而且,随着半导体器件尺寸的不断缩小,相邻晶体管之间的距离也随之缩小,相邻晶体管的源漏掺杂层容易出现相连(merge)的现象,从而引起相邻晶体管源区和漏区之间的桥接。为了防止相邻晶体管源区和漏区之间的桥接(source-drain bridge),现有技术引入了单扩散隔断(single diffusion break,SDB)隔离结构的制造技术。
发明内容
本发明实施例解决的问题是提供一种半导体结构及其形成方法,改善器件性能。
为解决上述问题,本发明实施例提供一种半导体结构的形成方法,包括:提供基底,所述基底上形成有伪栅结构,所述伪栅结构露出的基底上形成有层间介质层,所述层间介质层覆盖所述伪栅结构侧壁且露出所述伪栅结构顶部;在相邻所述伪栅结构之间的所述层间介质层中形成隔离结构,所述隔离结构还延伸至所述基底中;形成所述隔离结构后,去除所述伪栅结构,在所述层间介质层内形成栅极开口;向所述栅极开口内填充栅电极材料,所述栅电极材料还覆盖所述层间介质层顶部;进行至少一次研磨处理,去除高于所述层间介质层顶部的栅电极材料,保留所述栅极开口内的栅电极材料作为栅电极层,所述研磨处理的步骤包括:采用金属用研磨液对栅电极材料进行第一研磨处理;在所述第一研磨处理后,采用去离子水对隔离结构进行第二研磨处理。
可选的,向所述栅极开口内填充栅电极材料之后,在进行所述研磨处理之前,还包括:对所述栅电极材料进行预处理,去除部分厚度的所述栅电极材料,露出所述隔离结构顶部。
可选的,采用化学机械研磨方式和回刻方式中的一种或两种,进行所述预处理。
可选的,所述研磨处理的次数为3次至12次。
可选的,在每一次研磨处理中,所述第二研磨处理的工艺时间为5秒至15秒。
可选的,在每一次研磨处理中,所述第二研磨处理的工艺时间为10秒至15秒。
可选的,在所述第一研磨处理的步骤中,所述金属用研磨液的PH值为2至6。
可选的,所述第二研磨处理的参数包括:下压力为1.0psi至3.0psi,基座转速为30rpm至100rpm,去离子水的流速为100ml/min至300ml/min。

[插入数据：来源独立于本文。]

(* Let $\{1/N,\rho_x\}_{x=1}^N$ be an ensemble of density operators on a finite-dimensional Hilbert space given with equal prior probabilities $1/N$, and let $K$, $\{r_x,\sigma_x\}$, $\{M_x\}$ be a symmetry operator, complementary states and POVM, i.e. $K$ Hermitian, $r_x\ge 0$, $\sigma_x$ density operators, $\{M_x\}$ a POVM, with $K=\frac1N\rho_x+r_x\sigma_x$ and $r_x\mathrm{tr}[M_x\sigma_x]=0$ for all $x$. Then all $r_x$ are equal to a common value $r$, and $$P_{\mathrm{guess}}=\frac1N+r,$$ where $r=\dfrac{\|\frac1N\rho_x-\frac1N\rho_y\|_1}{\|\sigma_x-\sigma_y\|_1}$ for any $x,y$ with $\sigma_x\ne\sigma_y$.
   Context: $P_{\mathrm{guess}}=\max_{\{M_x\}}\sum_x \frac1N\mathrm{tr}[M_x\rho_x]$ over POVMs (positive semidefinite operators summing to the identity). $\|\cdot\|_1$ is the trace norm. *)

From HB Require Import structures.
From mathcomp Require Import all_boot all_order all_algebra.
Set Implicit Arguments. Unset Strict Implicit. Unset Printing Implicit Defensive.
Import Order.TTheory GRing.Theory Num.Theory.
Local Open Scope ring_scope.

Definition adjmx (C : numClosedFieldType) m n (A : 'M[C]_(m, n)) : 'M[C]_(n, m) :=
  map_mx Num.conj (A^T).

Definition is_hermitian (C : numClosedFieldType) d (A : 'M[C]_d) : Prop :=
  A = adjmx A.

Definition psd (C : numClosedFieldType) d (A : 'M[C]_d) : Prop :=
  is_hermitian A /\ forall v : 'rV[C]_d, 0 <= (v *m A *m adjmx v) 0 0.

Definition density (C : numClosedFieldType) d (rho : 'M[C]_d) : Prop :=
  psd rho /\ \tr rho = 1.

Definition povm (C : numClosedFieldType) d N (M : 'I_N -> 'M[C]_d) : Prop :=
  (forall x, psd (M x)) /\ \sum_(x < N) M x = 1%:M.

Definition succ_prob (C : numClosedFieldType) d N (rho M : 'I_N -> 'M[C]_d) : C :=
  \sum_(x < N) N%:R^-1 * \tr (M x *m rho x).

Definition is_Pguess (C : numClosedFieldType) d N (rho : 'I_N -> 'M[C]_d) (p : C)
  : Prop :=
  (exists M, povm M /\ succ_prob rho M = p) /\
  (forall M, povm M -> succ_prob rho M <= p).

(* trace norm ||A||_1 = tr sqrt(A^* A): A^* A is Hermitian PSD, with spectral
   decomposition A^* A = P^-1 diag(D) P (P unitary), so sqrt(A^* A) =
   P^-1 diag(sqrt D) P and its trace is the sum of the sqrt of the entries of D. *)
Definition trnorm (C : numClosedFieldType) d (A : 'M[C]_d) : C :=
  \sum_(i < d) sqrtC (spectral_diag (adjmx A *m A) 0 i).

From HB Require Import structures.
From mathcomp Require Import all_boot all_order all_algebra.
Import Order.TTheory GRing.Theory Num.Theory.
Local Open Scope ring_scope.
Set Implicit Arguments. Unset Strict Implicit. Unset Printing Implicit Defensive.

(* Taking traces in K = rho_x/N + r_x sigma_x gives tr K = 1/N + r_x, so r_x is
   constant.  For any POVM, sum_x tr(M_x rho_x)/N = tr K - r sum_x tr(M_x sigma_x)
   <= tr K, with equality for the complementary POVM.  Finally
   rho_x/N - rho_y/N = -r (sigma_x - sigma_y), and the trace norm is absolutely
   homogeneous and definite. *)

Section TraceNorm.
Variable C : numClosedFieldType.
Local Open Scope sesquilinear_scope.

Lemma adjmxE m n (A : 'M[C]_(m, n)) : adjmx A = A ^t*.
Proof. by []. Qed.

Lemma adjmxM m n p (A : 'M[C]_(m, n)) (B : 'M[C]_(n, p)) :
  adjmx (A *m B) = adjmx B *m adjmx A.
Proof. by rewrite !adjmxE trmx_mul map_mxM. Qed.

Lemma adjmxK m n (A : 'M[C]_(m, n)) : adjmx (adjmx A) = A.
Proof. by rewrite !adjmxE trmxCK. Qed.

Lemma adjmxZ m n c (A : 'M[C]_(m, n)) : adjmx (c *: A) = c^* *: adjmx A.
Proof. by apply/matrixP => i j; rewrite !mxE rmorphM. Qed.

Lemma hermitian_spectral_decomp d (X : 'M[C]_d) : is_hermitian X ->
  X = adjmx (spectralmx X) *m diag_mx (spectral_diag X) *m spectralmx X.
Proof.
rewrite /is_hermitian adjmxE => hX.
have /orthomx_spectralP defX : X \is normalmx by apply/normalmxP; rewrite -hX.
by rewrite adjmxE -invmx_unitary ?spectral_unitarymx.
Qed.

Lemma hermitian_spectral_conj d (X : 'M[C]_d) : is_hermitian X ->
  spectralmx X *m X *m adjmx (spectralmx X) = diag_mx (spectral_diag X).
Proof.
move=> hX; rewrite {2}(hermitian_spectral_decomp hX) adjmxE.
rewrite -invmx_unitary ?spectral_unitarymx // !mulmxA mulmxV ?spectral_unit //.
by rewrite mul1mx -mulmxA mulmxV ?spectral_unit // mulmx1.
Qed.

Lemma psd_conj_diag_ge0 d (A P : 'M[C]_d) i : psd A -> 0 <= (P *m A *m adjmx P) i i.
Proof.
case=> _ /(_ (row i P)); congr (0 <= _).
rewrite !mxE; apply: eq_bigr => j _; rewrite !mxE; congr (_ * _).
by apply: eq_bigr => k _; rewrite !mxE.
Qed.

Lemma psd_spectral_diag_ge0 d (X : 'M[C]_d) i : psd X -> 0 <= spectral_diag X 0 i.
Proof.
move=> pX; have := psd_conj_diag_ge0 (spectralmx X) i pX.
by rewrite hermitian_spectral_conj ?mxE ?eqxx ?mulr1n //; case: pX.
Qed.

Lemma mxtrace_psd_mul_ge0 d (A B : 'M[C]_d) : psd A -> psd B -> 0 <= \tr (A *m B).
Proof.
move=> pA pB; rewrite [B in A *m B](hermitian_spectral_decomp pB.1) !mulmxA.
rewrite mxtrace_mulC !mulmxA mul_mx_diag /mxtrace; apply: sumr_ge0 => i _.
by rewrite mxE mulr_ge0 ?psd_conj_diag_ge0 ?psd_spectral_diag_ge0.
Qed.

Lemma psd_adjmx_mul d (A : 'M[C]_d) : psd (adjmx A *m A).
Proof.
split=> [|v]; first by rewrite /is_hermitian adjmxM adjmxK.
rewrite mulmxA -mulmxA -[A *m _]adjmxK adjmxM adjmxK mxE.
by apply: sumr_ge0 => j _; rewrite !mxE mul_conjC_ge0.
Qed.

Lemma char_poly_conj_unit d (P A : 'M[C]_d) : P \in unitmx ->
  char_poly (invmx P *m A *m P) = char_poly A.
Proof.
move=> uP; have conj_char_mx : char_poly_mx (invmx P *m A *m P) =
    map_mx polyC (invmx P) *m char_poly_mx A *m map_mx polyC P.
  rewrite /char_poly_mx mulmxBr mulmxBl -!map_mxM scalar_mxC.
  by rewrite -(mulmxA 'X%:M) -map_mxM mulVmx // map_mx1 mulmx1.
rewrite /char_poly conj_char_mx !det_mulmx !det_map_mx mulrC mulrA -rmorphM.
by rewrite -det_mulmx mulmxV // det1 rmorph1 mul1r.
Qed.

(* [spectral_diag] is an arbitrary choice of eigenvalue ordering, so any other
   diagonalisation of [X] lists the same eigenvalues up to permutation. *)
Lemma big_spectral_diag_similar d (X P : 'M[C]_d) (s : 'rV[C]_d) (f : C -> C) :
  is_hermitian X -> P \in unitmx -> X = invmx P *m diag_mx s *m P ->
  \sum_(i < d) f (spectral_diag X 0 i) = \sum_(i < d) f (s 0 i).
Proof.
move=> hX uP defX.
have U := spectral_unitarymx X.
have char_diag (t : 'rV[C]_d) : char_poly (diag_mx t) =
    \prod_(x <- [seq t 0 i | i <- enum 'I_d]) ('X - x%:P).
  rewrite char_poly_trig ?diag_mx_is_trig // big_map big_enum /=.
  by apply: eq_bigr => i _; rewrite mxE eqxx mulr1n.
have perm_eig : perm_eq [seq spectral_diag X 0 i | i <- enum 'I_d]
                        [seq s 0 i | i <- enum 'I_d].
  apply: prod_XsubC_eq; rewrite -!char_diag.
  rewrite -(char_poly_conj_unit _ (unitarymx_unit U)) -(char_poly_conj_unit _ uP).
  by rewrite -defX invmx_unitary // -adjmxE -hermitian_spectral_decomp.
have sum_seq (t : 'I_d -> C) :
    \sum_(i < d) f (t i) = \sum_(x <- [seq t i | i <- enum 'I_d]) f x.
  by rewrite big_map big_enum.
by rewrite !sum_seq (perm_big _ perm_eig).
Qed.

Lemma trnormZ d c (A : 'M[C]_d) : trnorm (c *: A) = `|c| * trnorm A.
Proof.
rewrite /trnorm adjmxZ -scalemxAr -scalemxAl scalerA.
set X := adjmx A *m A.
have hX : is_hermitian X := (psd_adjmx_mul A).1.
have uP := spectral_unit X.
have defcX : (c * c^*) *: X =
    invmx (spectralmx X) *m diag_mx ((c * c^*) *: spectral_diag X) *m spectralmx X.
  rewrite invmx_unitary ?spectral_unitarymx // -adjmxE.
  rewrite {1}(hermitian_spectral_decomp hX) scalemxAl scalemxAr.
  by congr (_ *m _ *m _); apply/matrixP => i j; rewrite !mxE mulrnAr.
have hcX : is_hermitian ((c * c^*) *: X).
  by have := (psd_adjmx_mul (c *: A)).1; rewrite adjmxZ -scalemxAr -scalemxAl scalerA.
rewrite (big_spectral_diag_similar sqrtC hcX uP defcX) mulr_sumr.
apply: eq_bigr => i _; have := psd_spectral_diag_ge0 i (psd_adjmx_mul A).
by rewrite mxE -normCK => ?; rewrite sqrtCM ?nnegrE ?exprn_ge0 // sqrCK.
Qed.

Lemma trnorm_eq0 d (A : 'M[C]_d) : trnorm A = 0 -> A = 0.
Proof.
rewrite /trnorm => /eqP; rewrite psumr_eq0 => [/allP eig0|i _]; last first.
  by rewrite sqrtC_ge0; apply/psd_spectral_diag_ge0/psd_adjmx_mul.
have AA0 : adjmx A *m A = 0.
  rewrite (hermitian_spectral_decomp (psd_adjmx_mul A).1).
  suff -> : spectral_diag (adjmx A *m A) = 0 by rewrite linear0 mulmx0 mul0mx.
  by apply/rowP => i; have := eig0 i (mem_index_enum _); rewrite /= sqrtC_eq0 mxE => /eqP.
apply/matrixP => i j; have /matrixP /(_ j j) /eqP := AA0; rewrite !mxE.
rewrite psumr_eq0 => [/allP /(_ i (mem_index_enum _))|k _]; rewrite !mxE mulrC.
  by rewrite mul_conjC_eq0 => /eqP.
exact: mul_conjC_ge0.
Qed.

Lemma trnorm_ratio d c (A B : 'M[C]_d) :
  B != 0 -> A = c *: B -> `|c| = trnorm A / trnorm B.
Proof.
move=> nzB ->; rewrite trnormZ mulfK //.
by apply: contra nzB => /eqP /trnorm_eq0 ->.
Qed.

End TraceNorm.

Lemma mxtrace_density_comb (C : numClosedFieldType) d (a b : C) (rho sigma : 'M[C]_d) :
  density rho -> density sigma -> \tr (a *: rho + b *: sigma) = a + b.
Proof. by move=> [_ tr_rho] [_ tr_sigma]; rewrite mxtraceD !mxtraceZ tr_rho tr_sigma !mulr1. Qed.

Section Ensemble.
Variables (C : numClosedFieldType) (d N : nat) (r : C).
Variables (rho sigma : 'I_N -> 'M[C]_d) (K : 'M[C]_d).
Hypothesis defK : forall x, K = N%:R^-1 *: rho x + r *: sigma x.

Lemma succ_prob_symmetry M : \sum_(x < N) M x = 1%:M ->
  succ_prob rho M = \tr K - r * \sum_(x < N) \tr (M x *m sigma x).
Proof.
move=> sumM1; rewrite /succ_prob mulr_sumr.
have -> : \tr K = \sum_(x < N) \tr (M x *m K) by rewrite -raddf_sum -mulmx_suml sumM1 mul1mx.
rewrite -sumrB; apply: eq_bigr => x _.
by rewrite (defK x) mulmxDr -!scalemxAr mxtraceD !mxtraceZ addrK.
Qed.

Lemma is_Pguess_symmetry M : 0 <= r -> (forall x, psd (sigma x)) -> povm M ->
  (forall x, r * \tr (M x *m sigma x) = 0) -> is_Pguess rho (\tr K).
Proof.
move=> r_ge0 psd_sigma [psdM sumM1] compl; split.
  exists M; split => //.
  by rewrite succ_prob_symmetry // mulr_sumr big1 ?subr0.
move=> M' [psdM' sumM'1]; rewrite succ_prob_symmetry // lerBlDr lerDl.
by rewrite mulr_ge0 ?sumr_ge0 // => x _; apply: mxtrace_psd_mul_ge0.
Qed.

Lemma scaled_rho_sub x y :
  N%:R^-1 *: rho x - N%:R^-1 *: rho y = r *: (sigma y - sigma x).
Proof.
have defrho z : N%:R^-1 *: rho z = K - r *: sigma z by rewrite (defK z) addrK.
by rewrite !defrho opprB addrC addrA subrK scalerBr.
Qed.

End Ensemble.

Theorem proposition3 (C : numClosedFieldType) (d N : nat) (HN : (0 < N)%N)
  (rho : 'I_N -> 'M[C]_d) (K : 'M[C]_d) (r : 'I_N -> C)
  (sigma M : 'I_N -> 'M[C]_d) :
  (forall x, density (rho x)) ->
  is_hermitian K ->
  (forall x, 0 <= r x) ->
  (forall x, density (sigma x)) ->
  povm M ->
  (forall x, K = N%:R^-1 *: rho x + r x *: sigma x) ->
  (forall x, r x * \tr (M x *m sigma x) = 0) ->
  exists r0 : C,
    (forall x, r x = r0) /\
    is_Pguess rho (N%:R^-1 + r0) /\
    (forall x y, sigma x != sigma y ->
       r0 = trnorm (N%:R^-1 *: rho x - N%:R^-1 *: rho y)
            / trnorm (sigma x - sigma y)).
Proof.
move=> density_rho _ r_ge0 density_sigma povmM defK compl.
set r0 := \tr K - N%:R^-1.
have r_const x : r x = r0.
  by rewrite /r0 (defK x) mxtrace_density_comb // addrC addKr.
have defK0 x : K = N%:R^-1 *: rho x + r0 *: sigma x by rewrite -(r_const x).
have r0_ge0 : 0 <= r0 by rewrite -(r_const (Ordinal HN)).
exists r0; split => //; split.
  rewrite /r0 addrC subrK; apply: (is_Pguess_symmetry defK0 r0_ge0 _ povmM).
    by move=> x; case: (density_sigma x).
  by move=> x; rewrite -(r_const x).
move=> x y neq_xy; rewrite -[r0]ger0_norm // -normrN.
apply: trnorm_ratio; first by rewrite subr_eq0.
by rewrite (scaled_rho_sub defK0) scaleNr -scalerN opprB.
Qed.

可选的,所述隔离结构的材料为氮化硅、多晶硅或金属氮化物。
可选的,所述隔离结构的硬度高于所述层间介质层的硬度。
可选的,所述层间介质层的材料为氧化硅,所述隔离结构的材料为氮化硅。
可选的,形成所述隔离结构的步骤包括:依次刻蚀相邻所述伪栅结构间的层间介质层和部分厚度基底,形成位于所述层间介质层和基底内的沟槽;向所述沟槽内填充隔离材料,所述隔离材料还覆盖所述层间介质层顶部;采用平坦化工艺,去除高于所述层间介质层顶部的隔离材料,保留所述沟槽内的隔离材料作为所述隔离结构。
可选的,所述平坦化工艺为化学机械研磨工艺和回刻工艺中的一种或两种。
可选的,向所述栅极开口内填充栅电极材料的步骤中,所述栅电极材料为W、Al、Cu、Ag、Au、Pt、Ni或Ti。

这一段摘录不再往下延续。